[Start of Attachment]

(* Let $l\subset[0,1]$ be a compact set and let $f:[0,\infty)\to[0,\infty)$ be a function such that for every $a\in l$, \[ \#\big(W(l,a)\cap[1,N]\big)=o_a(f(N))\quad\text{as }N\to\infty . \] Let $g(x)=\exp\big(-f(1-\log x/\log 2)\big)$ for $x\in(0,1)$, $g(0)=0$. Then $\mathcal{H}^g(l)<\infty$. In particular, if $f(N)=N^{\sigma}$ with $\sigma\in(0,1)$ one may take $g(x)=\exp(-(-\log x)^{\sigma})$, and if $\#(W(l,a)\cap[1,N])=o_a(N)$ for all $a\in l$ then $\dim_{\mathrm H} l=0$.
   Context: For a compact set $l\subset\mathbb{R}$ let $W(l)=\{k\in\mathbb{N}: l\cap([2^{-k-1},2^{-k}]\cup[-2^{-k},-2^{-k-1}])\neq\emptyset\}$, and for $a\in l$ let $W(l,a)=W(l-a)$. For a gauge function $g$, $\mathcal{H}^g(F)=\lim_{\delta\to0}\inf\{\sum_i g(\operatorname{diam}U_i): F\subset\bigcup_iU_i,\ \operatorname{diam}U_i<\delta\}$. *)

From Stdlib Require Import Reals Lra Lia ClassicalEpsilon.
Open Scope R_scope.

Inductive ER : Type := Fin (r : R) | PInf.

Definition is_glb (E : R -> Prop) (m : R) : Prop :=
  (forall x, E x -> m <= x) /\ (forall b, (forall x, E x -> b <= x) -> b <= m).

(** [has_diam U d]: d is the diameter of U (diam of the empty set is 0;
    unbounded sets have no (finite) diameter). *)
Definition has_diam (U : R -> Prop) (d : R) : Prop :=
  ((forall x, ~ U x) /\ d = 0) \/
  is_lub (fun t => exists x y, U x /\ U y /\ t = Rabs (x - y)) d.

Definition cover_sum (g : R -> R) (F : R -> Prop) (delta s : R) : Prop :=
  exists (U : nat -> R -> Prop) (d : nat -> R),
    (forall i, has_diam (U i) (d i) /\ d i < delta) /\
    (forall x, F x -> exists i, U i x) /\
    infinite_sum (fun i => g (d i)) s.

Definition is_Hdelta (g : R -> R) (F : R -> Prop) (delta : R) (v : ER) : Prop :=
  match v with
  | PInf => forall s, ~ cover_sum g F delta s
  | Fin m => is_glb (cover_sum g F delta) m
  end.

Definition is_Hmeasure (g : R -> R) (F : R -> Prop) (v : ER) : Prop :=
  exists Hd : R -> ER,
    (forall delta, 0 < delta -> is_Hdelta g F delta (Hd delta)) /\
    match v with
    | PInf => forall M, exists d0, 0 < d0 /\ forall delta, 0 < delta < d0 ->
                Hd delta = PInf \/ exists m, Hd delta = Fin m /\ M < m
    | Fin r => forall eps, 0 < eps -> exists d0, 0 < d0 /\
                forall delta, 0 < delta < d0 ->
                  exists m, Hd delta = Fin m /\ Rabs (m - r) < eps
    end.

Definition in_W (l : R -> Prop) (a : R) (k : nat) : Prop :=
  exists x, l x /\
    ((/ 2 ^ (S k) <= x - a <= / 2 ^ k) \/ (- / 2 ^ k <= x - a <= - / 2 ^ (S k))).

Fixpoint count_upto (P : nat -> Prop) (n : nat) : nat :=
  match n with
  | O => O
  | S m => (count_upto P m + if excluded_middle_informative (P (S m)) then 1 else 0)%nat
  end.

Definition countW (l : R -> Prop) (a : R) (N : nat) : nat := count_upto (in_W l a) N.

Definition little_o (u v : nat -> R) : Prop :=
  forall eps, 0 < eps -> exists N0, forall N, (N0 <= N)%nat -> Rabs (u N) <= eps * Rabs (v N).

Definition gauge_of_f (f : R -> R) (x : R) : R :=
  if Rle_dec x 0 then 0 else exp (- f (1 - ln x / ln 2)).

Definition gauge_sigma (sigma : R) (x : R) : R :=
  if Rle_dec x 0 then 0 else exp (- Rpower (- ln x) sigma).

Definition power_gauge (s : R) (x : R) : R :=
  if Rle_dec x 0 then 0 else Rpower x s.

Definition is_dimH (F : R -> Prop) (d : R) : Prop :=
  is_glb (fun s => 0 < s /\ is_Hmeasure (power_gauge s) F (Fin 0)) d.

From Stdlib Require Import Reals Lra Lia ClassicalEpsilon List
  FunctionalExtensionality PropExtensionality ZArith.
Open Scope R_scope.

(** Proof of Proposition 4.3.  We prove the stronger statement that
    H^g(l) = 0 (Theorem [Hmeasure_zero_of_sparse_W]) whenever g >= 0, g 0 = 0,
    g(2^(1-N)) <= exp (- c F(N)) for large N, and #(W(l,a) ∩ [1,N]) = o(F(N))
    for every a in l; the three parts of the proposition are instances.

    The heart is a combinatorial packing bound ([shell_sparse_length]): a
    2^-N-separated finite set P ⊂ [0,1] such that every b in P sees points of P
    in at most M/2 of the dyadic shells 2^(1-k) <= |x - b| < 2^(2-k) has at most
    2^M points.  It is proved by induction, splitting P according to the shell
    of x - min P.  Since the shells seen from b are essentially W(l,b), this
    gives |P| <= 64 * 4^x whenever #(W(l,b) ∩ [1,N]) <= x on P ([separated_length_le]).

    For the measure estimate, l is the increasing union of the sets E_M where
    #(W(l,a) ∩ [1,N]) <= (c/4) F(N) for all N >= M.  Each E_M is covered by
    2^-N-balls around a maximal separated subset ([maximal_separated_cover]),
    or is finite if F stays bounded ([finite_set_cover]); concatenating these
    finite covers with budgets eps/2^(M+2) gives delta-covers of l of total cost
    <= eps/2 ([concat_covers]), for every delta > 0. *)

Lemma count_upto_mono (P Q : nat -> Prop) n :
  (forall k, (1 <= k <= n)%nat -> P k -> Q k) ->
  (count_upto P n <= count_upto Q n)%nat.
Proof.
  induction n as [|n IH]; intros H; simpl; [lia|].
  specialize (IH (fun k Hk => H k ltac:(lia))).
  destruct (excluded_middle_informative (P (S n))) as [p|p];
  destruct (excluded_middle_informative (Q (S n))) as [q|q]; try lia.
  exfalso; apply q, H; auto; lia.
Qed.

Lemma count_upto_mono_n P n n' :
  (n <= n')%nat -> (count_upto P n <= count_upto P n')%nat.
Proof. induction 1; simpl; lia. Qed.

Lemma count_upto_le_n P n : (count_upto P n <= n)%nat.
Proof.
  induction n; simpl; [lia|].
  destruct (excluded_middle_informative _); lia.
Qed.

Lemma count_upto_or_le (P Q : nat -> Prop) n :
  (count_upto (fun k => P k \/ Q k) n <= count_upto P n + count_upto Q n)%nat.
Proof.
  induction n; simpl; [lia|].
  destruct (excluded_middle_informative (P (S n)));
  destruct (excluded_middle_informative (Q (S n)));
  destruct (excluded_middle_informative (P (S n) \/ Q (S n))); try tauto; lia.
Qed.

Lemma count_upto_disj (P Q : nat -> Prop) n :
  (forall k, P k -> Q k -> False) ->
  count_upto (fun k => P k \/ Q k) n = (count_upto P n + count_upto Q n)%nat.
Proof.
  intros Hdisj. induction n; simpl; [lia|]. rewrite IHn.
  destruct (excluded_middle_informative (P (S n)));
  destruct (excluded_middle_informative (Q (S n)));
  destruct (excluded_middle_informative (P (S n) \/ Q (S n)));
  try tauto; try lia. exfalso; eauto.
Qed.

Lemma count_upto_single k0 n :
  (1 <= k0 <= n)%nat -> (1 <= count_upto (fun k => k = k0) n)%nat.
Proof.
  induction n; intros Hk; simpl; [lia|].
  destruct (excluded_middle_informative (S n = k0)); [lia|].
  specialize (IHn ltac:(lia)); lia.
Qed.

Lemma count_upto_stable (P : nat -> Prop) n :
  ~ P (S n) -> count_upto P (S n) = count_upto P n.
Proof. intros H; simpl; destruct (excluded_middle_informative (P (S n))); [tauto|lia]. Qed.

Lemma count_upto_shift1 (Q : nat -> Prop) n :
  (count_upto (fun k => Q (S k)) n <= count_upto Q (S n))%nat.
Proof.
  induction n; simpl in *; [lia|].
  destruct (excluded_middle_informative (Q (S (S n)))); lia.
Qed.

Lemma count_upto_shift2 (Q : nat -> Prop) n :
  count_upto (fun k => (3 <= k)%nat /\ Q (k - 2)%nat) (n + 2) = count_upto Q n.
Proof.
  induction n.
  - simpl. destruct (excluded_middle_informative _) as [[? _]|]; [lia|].
    destruct (excluded_middle_informative _) as [[? _]|]; lia.
  - replace (S n + 2)%nat with (S (n + 2)) by lia. simpl. rewrite IHn.
    replace (n + 2 - 1)%nat with (S n) by lia.
    destruct (excluded_middle_informative _) as [[_ h]|h];
    destruct (excluded_middle_informative (Q (S n))) as [h'|h']; try lia; try tauto.
    exfalso; apply h; split; [lia|exact h'].
Qed.

Lemma count_upto_restrict (Q : nat -> Prop) K n :
  (K <= n)%nat -> count_upto (fun j => Q j /\ (j <= K)%nat) n = count_upto Q K.
Proof.
  induction 1.
  - apply Nat.le_antisymm; apply count_upto_mono; intros; intuition lia.
  - rewrite count_upto_stable; auto. intros [_ H']; lia.
Qed.

Lemma count_upto_le2 n : (count_upto (fun k => (k <= 2)%nat) n <= 2)%nat.
Proof.
  eapply Nat.le_trans; [apply (count_upto_mono_n _ n (Nat.max n 2)); lia|].
  eapply Nat.le_trans;
    [apply (count_upto_mono _ (fun j => True /\ (j <= 2)%nat)); tauto|].
  rewrite count_upto_restrict by lia. apply count_upto_le_n.
Qed.

Lemma half_pow_pos k : 0 < (/2)^k.
Proof. apply pow_lt; lra. Qed.

Lemma half_pow_S k : (/2)^(S k) = (/2)^k / 2.
Proof. simpl; field. Qed.

Lemma half_pow_le j k : (j <= k)%nat -> (/2)^k <= (/2)^j.
Proof. induction 1; [lra|]. rewrite half_pow_S. pose proof (half_pow_pos m); lra. Qed.

Lemma half_pow_small (y : R) : 0 < y -> exists N0, forall n, (N0 <= n)%nat -> (/2)^n < y.
Proof.
  intros Hy. destruct (pow_lt_1_zero (/2) ltac:(rewrite Rabs_right; lra) y Hy) as [N0 HN].
  exists N0. intros n Hn. specialize (HN n Hn).
  rewrite Rabs_right in HN; [auto|left; apply half_pow_pos].
Qed.

Definition shell (k : nat) (d : R) : Prop := 2 * (/2)^k <= d < 4 * (/2)^k.

Lemma shell_exists N : forall d, (/2)^N <= d <= 1 ->
  exists k, (1 <= k <= S N)%nat /\ shell k d.
Proof.
  unfold shell. induction N; intros d Hd.
  - exists 1%nat. split; [lia|]. simpl in *; lra.
  - destruct (Rle_dec (/2) d).
    + destruct (Rle_dec 1 d); [exists 1%nat|exists 2%nat]; split; try lia; simpl; lra.
    + destruct (IHN (2 * d)) as [k [Hk Hs]]; [rewrite half_pow_S in Hd; lra|].
      exists (S k); split; [lia|]. rewrite half_pow_S; lra.
Qed.

Lemma shell_deeper j k d : shell j d -> d < 2 * (/2)^k -> (k < j)%nat.
Proof.
  intros [H1 _] H. destruct (Nat.lt_ge_cases k j) as [|Hjk]; auto.
  pose proof (half_pow_le j k Hjk). lra.
Qed.

Definition shellb (k : nat) (d : R) : bool :=
  if Rle_dec (2 * (/2)^k) d then if Rlt_dec d (4 * (/2)^k) then true else false
  else false.

Lemma shellb_iff k d : shellb k d = true <-> shell k d.
Proof.
  unfold shellb, shell.
  destruct (Rle_dec (2 * (/2)^k) d); [destruct (Rlt_dec d (4 * (/2)^k))|];
    split; intros; try tauto; try discriminate; lra.
Qed.

Fixpoint sep (h : R) (L : list R) : Prop :=
  match L with
  | nil => True
  | x :: L' => (forall y, In y L' -> h <= Rabs (x - y)) /\ sep h L'
  end.

Lemma sep_In h L x y : sep h L -> In x L -> In y L -> x <> y -> h <= Rabs (x - y).
Proof.
  induction L as [|z L IH]; simpl; [tauto|]. intros [H1 H2] [->|Hx] [->|Hy] Hne.
  - congruence.
  - auto.
  - rewrite Rabs_minus_sym; auto.
  - auto.
Qed.

Lemma sep_filter h (p : R -> bool) L : sep h L -> sep h (filter p L).
Proof.
  induction L as [|z L IH]; simpl; auto. intros [H1 H2].
  destruct (p z); simpl; auto. split; auto.
  intros y Hy. apply filter_In in Hy. apply H1; tauto.
Qed.

Lemma sep_mono h h' P : h <= h' -> sep h' P -> sep h P.
Proof.
  intros H. induction P as [|z P IH]; simpl; auto. intros [H1 H2]; split; auto.
  intros y Hy; specialize (H1 y Hy); lra.
Qed.

Lemma sep_of_NoDup P : NoDup P -> exists d, 0 < d /\ sep d P.
Proof.
  induction 1 as [|z P Hz HP IH].
  - exists 1; simpl; split; auto; lra.
  - destruct IH as [d [Hd Hs]].
    assert (Hgap : exists e, 0 < e /\ forall y, In y P -> e <= Rabs (z - y)).
    { clear - Hz. induction P as [|w P IHP].
      - exists 1; simpl; split; [lra|tauto].
      - destruct IHP as [e [He Hm]]; [intro; apply Hz; right; auto|].
        exists (Rmin e (Rabs (z - w))). split.
        + apply Rmin_glb_lt; auto. apply Rabs_pos_lt. intro. apply Hz. left. lra.
        + intros y [<-|Hy]; [apply Rmin_r|]. eapply Rle_trans; [apply Rmin_l|auto]. }
    destruct Hgap as [e [He Hm]].
    exists (Rmin d e). split; [apply Rmin_glb_lt; auto|]. simpl. split.
    + intros y Hy. eapply Rle_trans; [apply Rmin_r|auto].
    + eapply sep_mono; [apply Rmin_l|auto].
Qed.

[End of Attachment]

# What you are asked to do
Give only the lines from the one holding "induction n; simpl in *; [lia|]." through the one holding "exfalso; apply h; split; [lia|exact h'].", each restated exactly as it appears above.

# Worked solution
  induction n; simpl in *; [lia|].
  destruct (excluded_middle_informative (Q (S (S n)))); lia.
Qed.

Lemma count_upto_shift2 (Q : nat -> Prop) n :
  count_upto (fun k => (3 <= k)%nat /\ Q (k - 2)%nat) (n + 2) = count_upto Q n.
Proof.
  induction n.
  - simpl. destruct (excluded_middle_informative _) as [[? _]|]; [lia|].
    destruct (excluded_middle_informative _) as [[? _]|]; lia.
  - replace (S n + 2)%nat with (S (n + 2)) by lia. simpl. rewrite IHn.
    replace (n + 2 - 1)%nat with (S n) by lia.
    destruct (excluded_middle_informative _) as [[_ h]|h];
    destruct (excluded_middle_informative (Q (S n))) as [h'|h']; try lia; try tauto.
    exfalso; apply h; split; [lia|exact h'].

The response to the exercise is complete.